**How to complete this task:** The response should consist of the records that follow, printed exactly.

+++ Source records +++

Lemma W0_normalized_pos (n : nat) : (1 <= n)%nat -> 0 < W0_normalized n.
Proof.
  intro Hn. assert (0 < / INR n) by (apply Rinv_0_lt_compat, lt_0_INR; lia).
  pose proof (W0_series_ge_1 (/ INR n) ltac:(lra)).
  apply Rdiv_lt_0_compat; [|lra]. apply Rmult_lt_0_compat; [apply exp_pos | apply W0_pos; auto].
Qed.

Lemma W0_normalized_S (n : nat) : (1 <= n)%nat ->
  W0_normalized (S n) = W0_normalized n * step_ratio (/ INR n).
Proof.
  intro Hn. assert (Hn0 : 0 < INR n) by (apply lt_0_INR; lia).
  assert (Hx : 0 < / INR n) by (apply Rinv_0_lt_compat, Hn0).
  assert (Hpow : Rpower (INR n + 1) a = Rpower (INR n) a * Rpower (1 + / INR n) a).
  { rewrite Rpower_mult_distr by lra. f_equal. field. lra. }
  unfold W0_normalized, step_ratio. rewrite W0_S, S_INR, Hpow by (auto; lia).
  replace (/ (INR n + 1)) with (/ INR n / (1 + / INR n)) by (field; lra).
  pose proof (W0_series_ge_1 (/ INR n / (1 + / INR n)) ltac:(apply Rdiv_le_0_compat; lra)).
  pose proof (W0_series_ge_1 (/ INR n) ltac:(lra)).
  field. lra.
Qed.

Lemma ln_W0_normalized_step (n : nat) : (2 <= n)%nat -> step_ratio_const / INR n ^ 4 <= 1 / 2 ->
  Rabs (ln (W0_normalized (S n)) - ln (W0_normalized n)) <= 2 * step_ratio_const / INR n ^ 4.
Proof.
  intros Hn Hsmall. assert (Hn2 : 2 <= INR n) by (apply (le_INR 2); lia).
  pose proof (W0_normalized_pos n ltac:(lia)).
  rewrite <- ln_div, W0_normalized_S by (try apply W0_normalized_pos; lia).
  replace (W0_normalized n * step_ratio (/ INR n) / W0_normalized n) with (step_ratio (/ INR n))
    by (field; lra).
  assert (Hr : Rabs (step_ratio (/ INR n) - 1) <= step_ratio_const / INR n ^ 4).
  { unfold Rdiv. rewrite <- pow_inv. apply step_ratio_bound. split.
    - apply Rinv_0_lt_compat; lra.
    - replace (1 / 2) with (/ 2) by field. apply Rinv_le_contravar; lra. }
  eapply Rle_trans; [apply Rabs_ln_le; lra|]. unfold Rdiv in *. lra.
Qed.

+++

**Solved exercise:**
Lemma W0_normalized_pos (n : nat) : (1 <= n)%nat -> 0 < W0_normalized n.
Proof.
  intro Hn. assert (0 < / INR n) by (apply Rinv_0_lt_compat, lt_0_INR; lia).
  pose proof (W0_series_ge_1 (/ INR n) ltac:(lra)).
  apply Rdiv_lt_0_compat; [|lra]. apply Rmult_lt_0_compat; [apply exp_pos | apply W0_pos; auto].
Qed.

Lemma W0_normalized_S (n : nat) : (1 <= n)%nat ->
  W0_normalized (S n) = W0_normalized n * step_ratio (/ INR n).
Proof.
  intro Hn. assert (Hn0 : 0 < INR n) by (apply lt_0_INR; lia).
  assert (Hx : 0 < / INR n) by (apply Rinv_0_lt_compat, Hn0).
  assert (Hpow : Rpower (INR n + 1) a = Rpower (INR n) a * Rpower (1 + / INR n) a).
  { rewrite Rpower_mult_distr by lra. f_equal. field. lra. }
  unfold W0_normalized, step_ratio. rewrite W0_S, S_INR, Hpow by (auto; lia).
  replace (/ (INR n + 1)) with (/ INR n / (1 + / INR n)) by (field; lra).
  pose proof (W0_series_ge_1 (/ INR n / (1 + / INR n)) ltac:(apply Rdiv_le_0_compat; lra)).
  pose proof (W0_series_ge_1 (/ INR n) ltac:(lra)).
  field. lra.
Qed.

Lemma ln_W0_normalized_step (n : nat) : (2 <= n)%nat -> step_ratio_const / INR n ^ 4 <= 1 / 2 ->
  Rabs (ln (W0_normalized (S n)) - ln (W0_normalized n)) <= 2 * step_ratio_const / INR n ^ 4.
Proof.
  intros Hn Hsmall. assert (Hn2 : 2 <= INR n) by (apply (le_INR 2); lia).
  pose proof (W0_normalized_pos n ltac:(lia)).
  rewrite <- ln_div, W0_normalized_S by (try apply W0_normalized_pos; lia).
  replace (W0_normalized n * step_ratio (/ INR n) / W0_normalized n) with (step_ratio (/ INR n))
    by (field; lra).
  assert (Hr : Rabs (step_ratio (/ INR n) - 1) <= step_ratio_const / INR n ^ 4).
  { unfold Rdiv. rewrite <- pow_inv. apply step_ratio_bound. split.
    - apply Rinv_0_lt_compat; lra.
    - replace (1 / 2) with (/ 2) by field. apply Rinv_le_contravar; lra. }
  eapply Rle_trans; [apply Rabs_ln_le; lra|]. unfold Rdiv in *. lra.
Qed.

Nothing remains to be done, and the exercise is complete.